__Exercise aim__.
The answer must be every line from the entries below that includes "ring".

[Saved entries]
(* The point of Y at parameter s versus the point at parameter s of the
   clipped window [pX - t0 uX, pX + t1 uX] of X: the difference is the convex
   combination (1 - s) E0 + s E1 of the gaps E0, E1 at the two window ends. *)
Lemma window_coord_bound (pY pX uY uX lY lX tY tX s w : R) :
  0 < lY -> lY <= lX -> 0 <= tY <= 1 -> 0 <= tX <= 1 -> 0 <= s <= 1 ->
  Rabs uX <= 1 -> Rabs (pY - pX) <= lY * w -> Rabs (uY - uX) <= w -> Rabs (tY - tX) <= w ->
  let t0 := Rmin (tY * lY) (tX * lX) in let t1 := Rmin ((1 - tY) * lY) ((1 - tX) * lX) in
  Rabs ((pY - tY * lY * uY) + s * (lY * uY) -
        ((pX - t0 * uX) + s * ((pX + t1 * uX) - (pX - t0 * uX)))) <= 3 * w * lY.
Proof.
move=> lY_gt0 lYX tY_in tX_in s_in uX_le p_le u_le t_le t0 t1.
have gap0 : 0 <= tY * lY - t0 <= w * lY by apply: Rmin_mul_gap; lra.
have gap1 : 0 <= (1 - tY) * lY - t1 <= w * lY.
  apply: Rmin_mul_gap; try lra.
  by rewrite (_ : 1 - tY - (1 - tX) = - (tY - tX)) ?Rabs_Ropp //; ring.
have lY_ge0 : 0 <= lY by lra.
have E0_le := Rabs_end_gap_le lY_ge0 p_le (Rabs_le (- tY) 1 ltac:(lra)) u_le
  (Rabs_le (- (tY * lY - t0)) (w * lY) ltac:(lra)) uX_le.
have E1_le := Rabs_end_gap_le lY_ge0 p_le (Rabs_le (1 - tY) 1 ltac:(lra)) u_le
  (Rabs_le ((1 - tY) * lY - t1) (w * lY) ltac:(lra)) uX_le.
set E0 := pY - pX + _ + _ in E0_le; set E1 := pY - pX + _ + _ in E1_le.
have -> : (pY - tY * lY * uY) + s * (lY * uY) -
    ((pX - t0 * uX) + s * ((pX + t1 * uX) - (pX - t0 * uX))) = (1 - s) * E0 + s * E1.
  by rewrite /E0 /E1; ring.
have := Rabs_triang ((1 - s) * E0) (s * E1).
have := Rabs_mul_le (Rabs_le (1 - s) (1 - s) ltac:(lra)) E0_le.
have := Rabs_mul_le (Rabs_le s s ltac:(lra)) E1_le; nra.
Qed.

__Answer space__.
  by rewrite (_ : 1 - tY - (1 - tX) = - (tY - tX)) ?Rabs_Ropp //; ring.
  by rewrite /E0 /E1; ring.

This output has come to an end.